### Work item
Look through the records below for the line with "by rewrite /root". Return that line and each one after it up to and including the line with "rewrite /root /q", exactly.

### Record set
(* Let $\mathbb K=\prod_s\mathbb F_s^{alg}/\mathcal D$. Then $\mathbb K\cap\mathbb F^{alg}=\mathfrak K^{alg}$, where $\mathfrak K^{alg}$ is the set of elements of $\mathbb K$ algebraic over $\mathfrak K$ (an algebraic closure of $\mathfrak K$).
   Context: Let $S$ be an infinite set, $\mathcal D$ a nonprincipal ultrafilter on $S$; ultraproducts $\prod_sA_s/\mathcal D$ consist of tuples modulo agreement on a set in $\mathcal D$, classes written $\mathrm{ulim}_sa_s$, componentwise operations. For each $s$ let $\mathbb F_s$ be a field, $\mathfrak F_s=\mathbb F_s(t)$, fix an algebraic closure $\mathfrak F_s^{alg}$ and let $\mathbb F_s^{alg}\subseteq\mathfrak F_s^{alg}$ be the algebraic closure of $\mathbb F_s$ in it. Let $\mathfrak K=\prod_s\mathbb F_s/\mathcal D$, $\mathbb F=\mathfrak K(t)\subseteq\prod_s\mathfrak F_s/\mathcal D$ (via $\sum_i(\mathrm{ulim}_sa_{i,s})t^i\mapsto\mathrm{ulim}_s\sum_ia_{i,s}t^i$), and $\mathbb F^{alg}$ the set of elements of $\prod_s\mathfrak F_s^{alg}/\mathcal D$ algebraic over $\mathbb F$; note $\mathbb K\subseteq\prod_s\mathfrak F_s^{alg}/\mathcal D$. *)

From HB Require Import structures.
From mathcomp Require Import all_boot all_order all_algebra.
From mathcomp Require Import boolp classical_sets cardinality filter.
Set Implicit Arguments. Unset Strict Implicit. Unset Printing Implicit Defensive.
Import GRing.Theory.
Local Open Scope ring_scope.
Local Open Scope classical_set_scope.

(* Ultraproducts are handled through representatives: an element of
   prod_s A_s / D is represented by x : forall s, A s, and two
   representatives define the same class iff they agree on a set in D.
   All predicates below are invariant under this relation. *)

Definition ueq (S : Type) (D : set_system S) (A : S -> Type)
  (x y : forall s, A s) : Prop := D [set s | x s = y s].

(* F_s(t) = {fraction {poly F s}};  t = 'X%:F;  constants c |-> (c%:P)%:F *)
Definition ratf (F : fieldType) := {fraction {poly F}}.
Definition cst (F : fieldType) (c : F) : ratf F := FracField.tofrac (c%:P).
Definition ratpoly (F : fieldType) (p : {poly F}) : ratf F := FracField.tofrac p.

Definition is_alg_closure_of (K : fieldType) (L : closedFieldType)
  (emb : {rmorphism K -> L}) : Prop :=
  forall y : L, exists p : {poly K}, p != 0 /\ root (map_poly emb p) y.

(* y in L is algebraic over (the image of) F : y in F_s^alg *)
Definition alg_over_base (F : fieldType) (L : closedFieldType)
  (emb : {rmorphism ratf F -> L}) (y : L) : Prop :=
  exists p : {poly F}, p != 0 /\ root (map_poly (fun c => emb (cst c)) p) y.

Section Ultra.
Variables (S : Type) (D : set_system S) (F : S -> fieldType)
  (L : S -> closedFieldType) (emb : forall s, {rmorphism ratf (F s) -> L s}).

(* image in prod_s L_s / D of ulim_s c_s in K = prod_s F_s / D *)
Definition embK (c : forall s, F s) : forall s, L s := fun s => emb s (cst (c s)).

(* image of a polynomial sum_{i<n} (ulim_s a_{i,s}) t^i in K[t]: ulim_s P_s,
   where P : forall s, {poly F s} with size (P s) <= n collects the
   coefficients a_{i,s} = (P s)`_i. It is nonzero in K[t] iff some
   coefficient is nonzero in K. *)
Definition Kpoly_nonzero (P : forall s, {poly F s}) (n : nat) : Prop :=
  exists2 i, (i < n)%N & D [set s | (P s)`_i != 0].

(* z (in prod L_s / D) lies in the image of F = K(t) *)
Definition inF (z : forall s, L s) : Prop :=
  exists (n : nat) (P Q : forall s, {poly F s}),
    [/\ forall s, (size (P s) <= n)%N, forall s, (size (Q s) <= n)%N,
        Kpoly_nonzero Q n &
        ueq D z (fun s => emb s (ratpoly (P s) / ratpoly (Q s)))].

Definition inFalg (x : forall s, L s) : Prop :=
  exists (m : nat) (z : nat -> forall s, L s),
    [/\ forall j, (j < m)%N -> inF (z j),
        exists2 j, (j < m)%N & ~ ueq D (z j) (fun s => 0) &
        ueq D (fun s => \sum_(j < m) z j s * x s ^+ j) (fun s => 0)].

(* x in KK = prod_s F_s^alg / D (as a subset of prod_s L_s / D) *)
Definition inKK (x : forall s, L s) : Prop :=
  exists y : forall s, L s,
    ueq D x y /\ forall s, alg_over_base (@emb s) (y s).

Definition alg_over_K (x : forall s, L s) : Prop :=
  exists (m : nat) (c : nat -> forall s, F s),
    (exists2 j, (j < m)%N & ~ ueq D (embK (c j)) (fun s => 0)) /\
    ueq D (fun s => \sum_(j < m) embK (c j) s * x s ^+ j) (fun s => 0).

Definition inKalg (x : forall s, L s) : Prop := inKK x /\ alg_over_K x.

End Ultra.

From HB Require Import structures.
From mathcomp Require Import all_boot all_order all_algebra.
From mathcomp Require Import boolp classical_sets cardinality filter.
From mathcomp Require Import zify ring.

(* If x is algebraic over F = K(t), clearing denominators gives, on a D-large
   set of coordinates s, a relation sum_j R_(j,s)(t) x_s^j = 0 with
   R_(j,s) in F_s[t] of degree bounded independently of s. As x lies in KK,
   x_s is algebraic over F_s, and t is transcendental over the algebraic
   closure of F_s in L_s; hence every t-coefficient sum_j (R_(j,s))_i x_s^j
   vanishes. Because the degrees are bounded, a single index i gives a nonzero
   coefficient of R_(j0,s) on a D-large set, which is a nontrivial relation
   for x over K. The converse inclusion holds because K lies in F. *)

Set Implicit Arguments.
Unset Strict Implicit.
Unset Printing Implicit Defensive.
Import GRing.Theory.
Local Open Scope ring_scope.
Local Open Scope classical_set_scope.

Lemma ultra_exists (T : Type) (D : set_system T) (I : finType) (A : I -> set T) :
  UltraFilter D -> D [set t | exists i, A i t] -> exists i, D (A i).
Proof.
move=> D_ultra DA; apply: contrapT => noA.
have DnA : D [set t | forall i, ~ A i t].
  apply: filter_forall => i.
  have [DAi|//] := in_ultra_setVsetC (A i) D_ultra.
  by case: noA; exists i.
apply: (@filter_not_empty _ D _); apply: filterS (filterI DA DnA).
by move=> t [[i Ait] /(_ i)].
Qed.

Lemma ultra_coef_neq0 (T : Type) (D : set_system T) (R : T -> nzRingType)
    (p : forall t, {poly R t}) (N : nat) :
  UltraFilter D -> (forall t, (size (p t) <= N)%N) -> D [set t | p t != 0] ->
  exists2 i, (i < N)%N & D [set t | (p t)`_i != 0].
Proof.
move=> D_ultra szp Dp.
have [i Di] : exists i : 'I_N, D [set t | (p t)`_i != 0].
  apply: ultra_exists; apply: filterS Dp => t pt_neq0.
  have ltN : ((size (p t)).-1 < N)%N.
    by apply: leq_trans (szp t); rewrite prednK ?size_poly_gt0.
  by exists (Ordinal ltN); rewrite /= -lead_coefE lead_coef_eq0.
by exists i.
Qed.

Lemma size_mul_prod_leq (R : nzRingType) (I : finType) (P : pred I)
    (p : {poly R}) (q : I -> {poly R}) (n : nat) :
  (size p <= n)%N -> (forall i, size (q i) <= n)%N ->
  (size (p * \prod_(i | P i) q i)%R <= n * #|I|.+1)%N.
Proof.
move=> szp szq.
have szprod : (size (\prod_(i | P i) q i)%R <= (n * #|I|).+1)%N.
  apply: leq_trans (size_poly_prod_leq _ _) _.
  apply: leq_trans (leq_subr _ _) _; rewrite ltnS.
  apply: (@leq_trans (\sum_(i | P i) n)); first exact: leq_sum.
  by rewrite sum_nat_const mulnC leq_mul2l max_card orbT.
apply: leq_trans (size_mul_leq _ _) _; lia.
Qed.

Lemma mulr_prod_sum_frac (K : fieldType) (m : nat) (a b y : 'I_m -> K) :
  (forall j, b j != 0) ->
  \prod_k b k * \sum_j a j / b j * y j =
  \sum_j a j * (\prod_(k | k != j) b k) * y j.
Proof.
move=> b_neq0; rewrite mulr_sumr; apply: eq_bigr => j _.
rewrite (bigD1 j) //=; field; exact: b_neq0.
Qed.

Lemma map_polyC_hornerX (R : nzRingType) (p : {poly R}) :
  (map_poly polyC p).['X] = p.
Proof.
rewrite horner_coef size_map_polyC -[RHS]coefK poly_def.
by apply: eq_bigr => i _; rewrite coef_map /= mul_polyC.
Qed.

Section Transcendence.
Variables (F : fieldType) (L : closedFieldType) (emb : {rmorphism ratf F -> L}).

Local Notation base := (emb \o @FracField.tofrac _ \o polyC).
Local Notation tX := (emb (ratpoly 'X)).

Lemma alg_over_base_algebraic (y : L) : alg_over_base emb y -> algebraicOver base y.
Proof. by case=> p [p_neq0 p_root]; exists p. Qed.

Lemma horner_tX (p : {poly F}) : (map_poly base p).[tX] = emb (ratpoly p).
Proof. by rewrite !map_poly_comp !horner_map map_polyC_hornerX. Qed.

Lemma tX_transcendental (q : {poly L}) :
  (forall i, algebraicOver base q`_i) -> root q tX -> q = 0.
Proof.
move=> q_alg q_tX; apply/eqP; apply: contraT => q_neq0.
have [_ /(nthP 0) [i _ <-]|p /monic_neq0 p_neq0] :=
  @integral_root _ _ base _ _ q_neq0 q_tX; first exact/integral_algebraic/q_alg.
by rewrite /root horner_tX fmorph_eq0 tofrac_eq0 (negPf p_neq0).
Qed.

Lemma tX_relation_coef_eq0 (m : nat) (R : 'I_m -> {poly F}) (x : L) :
  algebraicOver base x -> \sum_j emb (ratpoly (R j)) * x ^+ j = 0 ->
  forall i, \sum_j base (R j)`_i * x ^+ j = 0.
Proof.
move=> x_alg rel i.
have xX_alg e : algebraicOver base (x ^+ e).
  by elim: e => [|e IHe]; rewrite ?expr0 ?exprS;
    [exact: algebraic1 | exact: algebraic_mul].
pose q := \sum_j map_poly base (R j) * (x ^+ j)%:P.
have coef_q k : q`_k = \sum_j base (R j)`_k * x ^+ j.
  by rewrite coef_sum; apply: eq_bigr => j _; rewrite coefMC coef_map.
rewrite -coef_q (@tX_transcendental q) ?coef0 // => [k|].
  rewrite coef_q; apply: (big_ind (algebraicOver base)) => [||j _].
  - exact: algebraic0.
  - exact: algebraic_add.
  - exact/algebraic_mul/xX_alg/algebraic_id.
rewrite /root /q horner_sum; apply/eqP; rewrite -[RHS]rel; apply: eq_bigr => j _.
by rewrite hornerM hornerC horner_tX.
Qed.

Definition cleared_numerator (m : nat) (P Q : nat -> {poly F}) (j : nat) :=
  P j * \prod_(k < m | k != j :> nat) Q k.

Section ClearDenominators.
Variables (m : nat) (P Q : nat -> {poly F}) (z : nat -> L).
Hypothesis z_frac : forall j, (j < m)%N ->
  Q j != 0 /\ z j = emb (ratpoly (P j) / ratpoly (Q j)).

Lemma cleared_numerator_neq0 (j : nat) :
  (j < m)%N -> z j != 0 -> cleared_numerator m P Q j != 0.
Proof.
move=> jm z_j_neq0; have [_ z_j] := z_frac jm.
rewrite mulf_neq0 //; last by apply/prodf_neq0 => k _; case: (z_frac (ltn_ord k)).
apply: contra_neq z_j_neq0 => P_j_eq0.
by rewrite z_j P_j_eq0 /ratpoly tofrac0 mul0r rmorph0.
Qed.

Lemma cleared_relation_coef_eq0 (x : L) :
  algebraicOver base x -> \sum_(j < m) z j * x ^+ j = 0 ->
  forall i, \sum_(j < m) base (cleared_numerator m P Q j)`_i * x ^+ j = 0.
Proof.
move=> x_alg rel; apply: tX_relation_coef_eq0 x_alg _.
have Q_neq0 (j : 'I_m) : emb (ratpoly (Q j)) != 0.
  by rewrite fmorph_eq0 tofrac_eq0; case: (z_frac (ltn_ord j)).
transitivity (\prod_(k < m) emb (ratpoly (Q k)) * \sum_(j < m) z j * x ^+ j);
  last by rewrite rel mulr0.
rewrite [X in _ = _ * X](eq_bigr (fun j : 'I_m =>
    emb (ratpoly (P j)) / emb (ratpoly (Q j)) * x ^+ j)); last first.
  by move=> j _; rewrite (proj2 (z_frac (ltn_ord j))) fmorph_div.
rewrite (@mulr_prod_sum_frac _ m (fun j => emb (ratpoly (P j))) _ (fun j => x ^+ j)) //.
by apply: eq_bigr => j _; rewrite /ratpoly !rmorphM !rmorph_prod.
Qed.

End ClearDenominators.

End Transcendence.

Section Ultraproduct.
Variables (S : Type) (D : set_system S) (F : S -> fieldType)
  (L : S -> closedFieldType) (emb : forall s, {rmorphism ratf (F s) -> L s}).
Hypothesis D_ultra : UltraFilter D.

Lemma Kpoly_nonzero_neq0 (P : forall s, {poly F s}) (n : nat) :
  Kpoly_nonzero D P n -> D [set s | P s != 0].
Proof. by case=> i _; apply: filterS => s; apply: contra_neq => ->; rewrite coef0. Qed.

Lemma inF_embK (c : forall s, F s) : inF D emb (embK emb c).
Proof.
exists 1%N, (fun s => (c s)%:P), (fun _ => 1); split.
- by move=> s; apply: size_polyC_leq1.
- by move=> s; rewrite size_poly1.
- by exists 0%N => //; apply: filterS filterT => s _ /=; rewrite coef1 oner_eq0.
- by apply: filterS filterT => s _ /=; rewrite /ratpoly tofrac1 divr1.
Qed.

Lemma alg_over_K_inFalg (x : forall s, L s) :
  alg_over_K D emb x -> inFalg D emb x.
Proof.
case=> m [c [c_neq0 rel]]; exists m, (fun j => embK emb (c j)).
by split=> // j _; apply: inF_embK.
Qed.

Lemma inF_uniform (m : nat) (z : nat -> forall s, L s) :
  (forall j, (j < m)%N -> inF D emb (z j)) ->
  exists (n : nat) (P Q : nat -> forall s, {poly F s}), forall j, (j < m)%N ->
    [/\ forall s, (size (P j s) <= n)%N, forall s, (size (Q j s) <= n)%N &
        D [set s | Q j s != 0 /\ z j s = emb s (ratpoly (P j s) / ratpoly (Q j s))]].
Proof.
move=> z_inF.
have /choice [f f_spec] : forall j, exists t :
    nat * (forall s, {poly F s}) * (forall s, {poly F s}), (j < m)%N ->
    [/\ forall s, (size (t.1.2 s) <= t.1.1)%N, forall s, (size (t.2 s) <= t.1.1)%N,
        Kpoly_nonzero D t.2 t.1.1 &
        ueq D (z j) (fun s => emb s (ratpoly (t.1.2 s) / ratpoly (t.2 s)))].
  move=> j; have [/z_inF [n [P [Q PQ]]]|_] := ltnP j m; first by exists (n, P, Q).
  by exists (0%N, (fun _ => 0), (fun _ => 0)).
exists (\max_(k < m) (f k).1.1)%N, (fun j => (f j).1.2), (fun j => (f j).2).
move=> j jm; have [szP szQ /Kpoly_nonzero_neq0 DQ Dz] := f_spec j jm.
have le_n : ((f j).1.1 <= \max_(k < m) (f k).1.1)%N.
  exact: (@leq_bigmax _ (fun k : 'I_m => (f k).1.1) (Ordinal jm)).
split=> [s|s|]; [exact: leq_trans le_n | exact: leq_trans le_n |].
by apply: filterS (filterI DQ Dz) => s [].
Qed.

Lemma inFalg_alg_over_K (x : forall s, L s) :
  inKK D emb x -> inFalg D emb x -> alg_over_K D emb x.
Proof.
move=> [y [Dxy y_alg]] [m [z [z_inF [j0 j0m z_j0_neq0] rel]]].
have [n [P [Q PQ]]] := inF_uniform z_inF.
pose R j s := cleared_numerator m (P^~ s) (Q^~ s) j.
pose G := [set s | [/\ x s = y s, z j0 s != 0, \sum_(j < m) z j s * x s ^+ j = 0 &
  forall j, (j < m)%N ->
    Q j s != 0 /\ z j s = emb s (ratpoly (P j s) / ratpoly (Q j s))]].
have DG : D G.
  have Dz0 : D [set s | z j0 s != 0].
    have [//|] := in_ultra_setVsetC [set s | z j0 s = 0] D_ultra.
    by apply: filterS => s /eqP.
  have Dfrac : D [set s | forall j : 'I_m,
      Q j s != 0 /\ z j s = emb s (ratpoly (P j s) / ratpoly (Q j s))].
    by apply: filter_forall => j; case: (PQ j (ltn_ord j)).
  apply: filterS (filterI (filterI Dxy Dz0) (filterI rel Dfrac)).
  by move=> s [[? ?] [? z_frac]]; split=> // j jm; apply: (z_frac (Ordinal jm)).
have szR s : (size (R j0 s) <= n * m.+1)%N.
  have [szP _ _] := PQ j0 j0m.
  have szQ (k : 'I_m) : (size (Q k s) <= n)%N by have [_ ->] := PQ k (ltn_ord k).
  by rewrite -[m in m.+1]card_ord; apply: size_mul_prod_leq (szP s) szQ.
have DR : D [set s | R j0 s != 0].
  apply: filterS DG => s; case=> _ z_j0_s _ z_frac.
  exact: (cleared_numerator_neq0 z_frac j0m z_j0_s).
have [i _ Di] := ultra_coef_neq0 D_ultra szR DR.
exists m, (fun j s => (R j s)`_i); split.
  exists j0 => // Dj0; apply: (@filter_not_empty _ D _).
  apply: filterS (filterI Dj0 Di) => s [/eqP].
  by rewrite /embK /cst fmorph_eq0 tofrac_eq0 polyC_eq0 /= => ->.
apply: filterS DG => s; case=> xy _ rel_s z_frac.
apply: (cleared_relation_coef_eq0 z_frac) rel_s _.
by rewrite xy; apply: alg_over_base_algebraic.
Qed.

End Ultraproduct.

Theorem mainTheorem6 (S : Type) (D : set_system S)
  (S_inf : infinite_set [set: S])
  (D_ultra : UltraFilter D) (D_nonprincipal : forall s : S, ~ D [set s])
  (F : S -> fieldType) (L : S -> closedFieldType)
  (emb : forall s, {rmorphism ratf (F s) -> L s})
  (L_alg : forall s, is_alg_closure_of (emb s)) :
  forall x : forall s, L s,
    (inKK D emb x /\ inFalg D emb x) <-> inKalg D emb x.
Proof.
move=> x; split=> [[KKx Falgx]|[KKx Kalgx]]; split=> //.
- exact: inFalg_alg_over_K.
- exact: alg_over_K_inFalg.
Qed.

### Written answer
by rewrite /root horner_tX fmorph_eq0 tofrac_eq0 (negPf p_neq0).
Qed.

Lemma tX_relation_coef_eq0 (m : nat) (R : 'I_m -> {poly F}) (x : L) :
  algebraicOver base x -> \sum_j emb (ratpoly (R j)) * x ^+ j = 0 ->
  forall i, \sum_j base (R j)`_i * x ^+ j = 0.
Proof.
move=> x_alg rel i.
have xX_alg e : algebraicOver base (x ^+ e).
  by elim: e => [|e IHe]; rewrite ?expr0 ?exprS;
    [exact: algebraic1 | exact: algebraic_mul].
pose q := \sum_j map_poly base (R j) * (x ^+ j)%:P.
have coef_q k : q`_k = \sum_j base (R j)`_k * x ^+ j.
  by rewrite coef_sum; apply: eq_bigr => j _; rewrite coefMC coef_map.
rewrite -coef_q (@tX_transcendental q) ?coef0 // => [k|].
  rewrite coef_q; apply: (big_ind (algebraicOver base)) => [||j _].
  - exact: algebraic0.
  - exact: algebraic_add.
  - exact/algebraic_mul/xX_alg/algebraic_id.
rewrite /root /q horner_sum; apply/eqP; rewrite -[RHS]rel; apply: eq_bigr => j _.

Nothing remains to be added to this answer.